:: Directions ::
The lines needed are those below that contain the word "sqrt"; copy each one.

:: Supplied material ::
----------

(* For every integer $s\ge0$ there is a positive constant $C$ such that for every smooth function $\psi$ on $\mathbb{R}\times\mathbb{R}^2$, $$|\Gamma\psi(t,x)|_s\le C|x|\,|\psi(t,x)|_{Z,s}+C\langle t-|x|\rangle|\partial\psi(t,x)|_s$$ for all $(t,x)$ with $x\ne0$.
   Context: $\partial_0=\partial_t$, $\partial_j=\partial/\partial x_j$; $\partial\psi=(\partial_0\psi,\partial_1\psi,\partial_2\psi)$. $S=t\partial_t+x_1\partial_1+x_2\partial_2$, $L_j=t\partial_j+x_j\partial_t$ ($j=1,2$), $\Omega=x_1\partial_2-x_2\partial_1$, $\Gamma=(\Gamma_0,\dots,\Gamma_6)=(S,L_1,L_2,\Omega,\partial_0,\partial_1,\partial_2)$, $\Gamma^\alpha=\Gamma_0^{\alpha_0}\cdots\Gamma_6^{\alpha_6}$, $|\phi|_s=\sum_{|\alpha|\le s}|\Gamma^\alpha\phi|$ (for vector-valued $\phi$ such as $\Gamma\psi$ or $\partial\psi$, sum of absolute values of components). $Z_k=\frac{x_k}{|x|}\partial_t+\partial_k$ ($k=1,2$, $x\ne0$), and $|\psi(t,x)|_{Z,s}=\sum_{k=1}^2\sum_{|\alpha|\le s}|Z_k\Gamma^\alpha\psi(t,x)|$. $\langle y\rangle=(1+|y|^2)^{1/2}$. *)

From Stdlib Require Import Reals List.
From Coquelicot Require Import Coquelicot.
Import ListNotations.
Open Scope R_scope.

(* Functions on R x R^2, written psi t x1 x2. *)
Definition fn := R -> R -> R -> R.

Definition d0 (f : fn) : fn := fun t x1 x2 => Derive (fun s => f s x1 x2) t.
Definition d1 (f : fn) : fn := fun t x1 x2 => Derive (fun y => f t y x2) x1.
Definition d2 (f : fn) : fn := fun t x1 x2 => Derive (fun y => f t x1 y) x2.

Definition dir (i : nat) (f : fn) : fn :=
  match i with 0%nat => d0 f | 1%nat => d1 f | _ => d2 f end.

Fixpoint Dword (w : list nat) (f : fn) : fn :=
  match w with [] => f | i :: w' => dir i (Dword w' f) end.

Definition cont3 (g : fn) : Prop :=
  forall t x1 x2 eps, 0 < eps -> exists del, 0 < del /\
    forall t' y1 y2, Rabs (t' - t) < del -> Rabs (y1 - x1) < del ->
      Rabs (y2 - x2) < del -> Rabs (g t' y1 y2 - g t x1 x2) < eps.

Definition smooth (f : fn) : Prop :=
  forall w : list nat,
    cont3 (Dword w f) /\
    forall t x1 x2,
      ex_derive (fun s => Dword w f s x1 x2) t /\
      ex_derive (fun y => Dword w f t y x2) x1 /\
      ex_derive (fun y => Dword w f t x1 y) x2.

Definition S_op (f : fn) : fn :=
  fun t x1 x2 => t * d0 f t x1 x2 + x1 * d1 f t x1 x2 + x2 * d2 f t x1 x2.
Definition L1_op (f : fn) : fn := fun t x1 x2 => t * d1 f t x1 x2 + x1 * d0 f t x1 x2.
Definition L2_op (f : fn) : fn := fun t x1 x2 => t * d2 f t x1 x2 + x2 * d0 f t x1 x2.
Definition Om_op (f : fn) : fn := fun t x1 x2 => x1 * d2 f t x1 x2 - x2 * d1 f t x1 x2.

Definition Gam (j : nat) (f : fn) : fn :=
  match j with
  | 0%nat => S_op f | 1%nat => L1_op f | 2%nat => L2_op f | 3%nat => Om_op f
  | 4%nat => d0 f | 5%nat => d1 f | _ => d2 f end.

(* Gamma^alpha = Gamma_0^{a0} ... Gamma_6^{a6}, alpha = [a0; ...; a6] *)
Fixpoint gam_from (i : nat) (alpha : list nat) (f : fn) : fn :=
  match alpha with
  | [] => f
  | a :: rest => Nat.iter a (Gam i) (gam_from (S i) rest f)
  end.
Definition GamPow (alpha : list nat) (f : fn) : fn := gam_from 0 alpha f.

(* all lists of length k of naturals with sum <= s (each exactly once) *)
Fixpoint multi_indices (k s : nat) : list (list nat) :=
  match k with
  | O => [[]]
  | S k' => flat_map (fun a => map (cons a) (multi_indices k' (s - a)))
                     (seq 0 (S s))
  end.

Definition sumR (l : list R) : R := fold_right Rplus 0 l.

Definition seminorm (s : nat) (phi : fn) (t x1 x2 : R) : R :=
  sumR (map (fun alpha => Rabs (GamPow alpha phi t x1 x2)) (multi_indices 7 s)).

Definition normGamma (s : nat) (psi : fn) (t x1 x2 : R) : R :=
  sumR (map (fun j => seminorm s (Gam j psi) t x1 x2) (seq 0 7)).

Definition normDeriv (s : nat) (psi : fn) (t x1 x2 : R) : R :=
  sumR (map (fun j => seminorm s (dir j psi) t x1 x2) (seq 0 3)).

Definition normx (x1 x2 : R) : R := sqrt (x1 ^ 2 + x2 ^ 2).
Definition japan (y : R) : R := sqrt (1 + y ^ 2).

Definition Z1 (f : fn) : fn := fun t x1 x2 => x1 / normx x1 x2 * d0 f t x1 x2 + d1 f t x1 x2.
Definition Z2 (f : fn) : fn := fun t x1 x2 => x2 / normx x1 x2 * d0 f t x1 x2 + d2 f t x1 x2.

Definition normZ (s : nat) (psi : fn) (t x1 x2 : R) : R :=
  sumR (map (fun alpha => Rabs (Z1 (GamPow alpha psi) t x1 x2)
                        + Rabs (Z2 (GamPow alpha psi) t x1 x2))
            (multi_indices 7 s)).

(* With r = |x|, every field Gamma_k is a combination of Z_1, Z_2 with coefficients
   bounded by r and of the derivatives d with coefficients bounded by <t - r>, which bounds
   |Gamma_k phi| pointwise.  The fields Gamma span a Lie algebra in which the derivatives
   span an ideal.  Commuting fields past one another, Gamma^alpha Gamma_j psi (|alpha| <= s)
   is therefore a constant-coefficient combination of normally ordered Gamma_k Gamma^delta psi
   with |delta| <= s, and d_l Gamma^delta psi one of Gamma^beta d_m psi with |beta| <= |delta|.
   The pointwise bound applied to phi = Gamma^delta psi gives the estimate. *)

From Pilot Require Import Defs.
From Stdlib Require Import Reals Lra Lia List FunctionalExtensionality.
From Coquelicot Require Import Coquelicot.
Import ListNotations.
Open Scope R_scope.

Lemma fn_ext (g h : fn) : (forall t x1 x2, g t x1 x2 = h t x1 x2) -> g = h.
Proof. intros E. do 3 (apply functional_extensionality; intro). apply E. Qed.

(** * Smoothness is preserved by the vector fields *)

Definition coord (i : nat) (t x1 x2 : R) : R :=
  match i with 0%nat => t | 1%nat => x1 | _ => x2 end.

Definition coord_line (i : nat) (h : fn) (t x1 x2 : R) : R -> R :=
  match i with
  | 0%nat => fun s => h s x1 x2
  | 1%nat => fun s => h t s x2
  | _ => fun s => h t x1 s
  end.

----------

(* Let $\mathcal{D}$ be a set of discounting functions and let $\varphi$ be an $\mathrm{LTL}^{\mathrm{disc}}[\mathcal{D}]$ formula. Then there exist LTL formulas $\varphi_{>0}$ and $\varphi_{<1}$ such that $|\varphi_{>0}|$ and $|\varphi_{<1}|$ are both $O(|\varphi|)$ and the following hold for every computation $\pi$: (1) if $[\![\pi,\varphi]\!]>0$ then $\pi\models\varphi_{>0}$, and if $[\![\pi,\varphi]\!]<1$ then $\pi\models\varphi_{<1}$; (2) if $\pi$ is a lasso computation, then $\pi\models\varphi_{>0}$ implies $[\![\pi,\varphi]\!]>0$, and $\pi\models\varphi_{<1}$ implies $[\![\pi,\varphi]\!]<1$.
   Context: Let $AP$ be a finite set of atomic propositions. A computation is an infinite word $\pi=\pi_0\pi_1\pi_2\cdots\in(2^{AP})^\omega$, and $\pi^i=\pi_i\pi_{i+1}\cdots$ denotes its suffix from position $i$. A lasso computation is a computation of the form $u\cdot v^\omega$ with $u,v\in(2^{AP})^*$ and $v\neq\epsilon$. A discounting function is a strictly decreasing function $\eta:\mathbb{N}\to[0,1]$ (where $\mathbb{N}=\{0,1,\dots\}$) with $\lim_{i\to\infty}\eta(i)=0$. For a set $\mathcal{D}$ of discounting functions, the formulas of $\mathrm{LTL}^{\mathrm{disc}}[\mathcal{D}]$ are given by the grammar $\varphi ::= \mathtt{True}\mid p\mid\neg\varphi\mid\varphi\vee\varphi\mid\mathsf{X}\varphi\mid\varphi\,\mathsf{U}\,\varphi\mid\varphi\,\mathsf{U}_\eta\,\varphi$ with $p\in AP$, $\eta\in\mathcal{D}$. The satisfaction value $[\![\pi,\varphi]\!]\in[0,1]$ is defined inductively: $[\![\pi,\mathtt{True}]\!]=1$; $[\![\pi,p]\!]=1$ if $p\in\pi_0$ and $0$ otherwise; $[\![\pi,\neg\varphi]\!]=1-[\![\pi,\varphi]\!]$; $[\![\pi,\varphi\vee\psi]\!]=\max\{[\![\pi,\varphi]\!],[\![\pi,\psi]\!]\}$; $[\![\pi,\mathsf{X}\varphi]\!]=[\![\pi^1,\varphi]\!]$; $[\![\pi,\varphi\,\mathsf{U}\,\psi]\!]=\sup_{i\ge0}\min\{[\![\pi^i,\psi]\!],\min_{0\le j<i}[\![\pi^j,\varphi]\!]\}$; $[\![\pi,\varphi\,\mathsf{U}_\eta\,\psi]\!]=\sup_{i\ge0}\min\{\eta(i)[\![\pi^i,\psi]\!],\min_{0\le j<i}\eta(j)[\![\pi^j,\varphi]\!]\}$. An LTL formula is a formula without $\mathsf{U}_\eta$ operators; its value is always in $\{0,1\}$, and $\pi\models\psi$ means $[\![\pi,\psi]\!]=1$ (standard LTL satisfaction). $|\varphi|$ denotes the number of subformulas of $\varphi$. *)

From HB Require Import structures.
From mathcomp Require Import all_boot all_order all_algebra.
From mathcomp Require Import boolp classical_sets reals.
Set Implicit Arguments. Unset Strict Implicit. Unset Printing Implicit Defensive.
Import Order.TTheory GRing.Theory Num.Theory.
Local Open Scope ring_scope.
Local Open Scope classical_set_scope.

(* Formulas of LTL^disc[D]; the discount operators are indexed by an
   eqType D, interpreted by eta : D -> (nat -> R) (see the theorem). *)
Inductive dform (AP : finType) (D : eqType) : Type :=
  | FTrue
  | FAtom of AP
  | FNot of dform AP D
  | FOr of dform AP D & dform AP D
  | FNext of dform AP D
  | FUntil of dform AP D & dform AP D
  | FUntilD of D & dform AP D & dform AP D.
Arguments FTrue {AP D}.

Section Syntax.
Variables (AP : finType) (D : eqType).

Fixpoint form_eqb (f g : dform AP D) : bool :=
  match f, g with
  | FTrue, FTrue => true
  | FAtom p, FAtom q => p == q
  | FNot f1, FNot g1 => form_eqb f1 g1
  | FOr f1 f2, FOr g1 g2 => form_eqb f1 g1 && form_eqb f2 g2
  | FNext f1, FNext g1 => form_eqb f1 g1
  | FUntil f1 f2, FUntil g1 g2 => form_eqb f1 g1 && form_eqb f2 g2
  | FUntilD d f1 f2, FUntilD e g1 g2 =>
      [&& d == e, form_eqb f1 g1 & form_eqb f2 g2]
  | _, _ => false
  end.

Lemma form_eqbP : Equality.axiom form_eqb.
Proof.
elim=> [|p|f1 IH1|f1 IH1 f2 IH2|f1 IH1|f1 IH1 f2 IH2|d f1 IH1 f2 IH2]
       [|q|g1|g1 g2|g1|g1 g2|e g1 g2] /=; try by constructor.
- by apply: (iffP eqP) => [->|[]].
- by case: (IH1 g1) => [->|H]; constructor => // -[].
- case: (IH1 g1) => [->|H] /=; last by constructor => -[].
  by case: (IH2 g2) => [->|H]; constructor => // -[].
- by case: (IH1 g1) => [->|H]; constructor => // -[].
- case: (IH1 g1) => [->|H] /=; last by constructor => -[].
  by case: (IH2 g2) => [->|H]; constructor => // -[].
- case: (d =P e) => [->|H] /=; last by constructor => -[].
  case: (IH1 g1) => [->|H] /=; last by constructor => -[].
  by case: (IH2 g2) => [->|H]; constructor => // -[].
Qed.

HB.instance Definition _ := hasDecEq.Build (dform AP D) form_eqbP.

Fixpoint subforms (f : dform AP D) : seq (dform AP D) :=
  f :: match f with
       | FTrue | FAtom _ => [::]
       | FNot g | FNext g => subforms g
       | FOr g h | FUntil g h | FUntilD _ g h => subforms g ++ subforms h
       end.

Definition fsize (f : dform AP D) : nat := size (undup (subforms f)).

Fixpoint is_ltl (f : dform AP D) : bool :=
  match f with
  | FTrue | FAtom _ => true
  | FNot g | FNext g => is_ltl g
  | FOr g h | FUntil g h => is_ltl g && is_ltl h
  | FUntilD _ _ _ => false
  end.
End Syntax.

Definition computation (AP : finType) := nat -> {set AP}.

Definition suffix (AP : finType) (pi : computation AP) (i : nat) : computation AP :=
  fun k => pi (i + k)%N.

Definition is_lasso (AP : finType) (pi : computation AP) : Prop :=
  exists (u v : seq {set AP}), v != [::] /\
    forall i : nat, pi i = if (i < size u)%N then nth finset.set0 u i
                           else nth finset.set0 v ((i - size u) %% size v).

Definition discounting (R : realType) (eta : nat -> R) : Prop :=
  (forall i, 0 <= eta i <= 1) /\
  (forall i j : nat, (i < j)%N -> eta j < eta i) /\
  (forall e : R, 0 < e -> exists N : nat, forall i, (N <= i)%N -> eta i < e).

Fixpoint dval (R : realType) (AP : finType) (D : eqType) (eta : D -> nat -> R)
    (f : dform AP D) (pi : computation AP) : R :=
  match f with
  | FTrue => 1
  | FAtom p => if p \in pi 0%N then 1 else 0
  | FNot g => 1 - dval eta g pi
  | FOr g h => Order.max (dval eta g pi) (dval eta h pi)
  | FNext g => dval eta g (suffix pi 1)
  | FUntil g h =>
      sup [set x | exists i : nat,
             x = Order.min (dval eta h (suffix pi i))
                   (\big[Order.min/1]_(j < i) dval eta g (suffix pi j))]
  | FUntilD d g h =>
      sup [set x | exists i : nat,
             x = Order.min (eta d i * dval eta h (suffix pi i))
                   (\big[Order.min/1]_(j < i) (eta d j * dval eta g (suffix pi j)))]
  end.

----------

:: Written answer ::
Definition normx (x1 x2 : R) : R := sqrt (x1 ^ 2 + x2 ^ 2).
Definition japan (y : R) : R := sqrt (1 + y ^ 2).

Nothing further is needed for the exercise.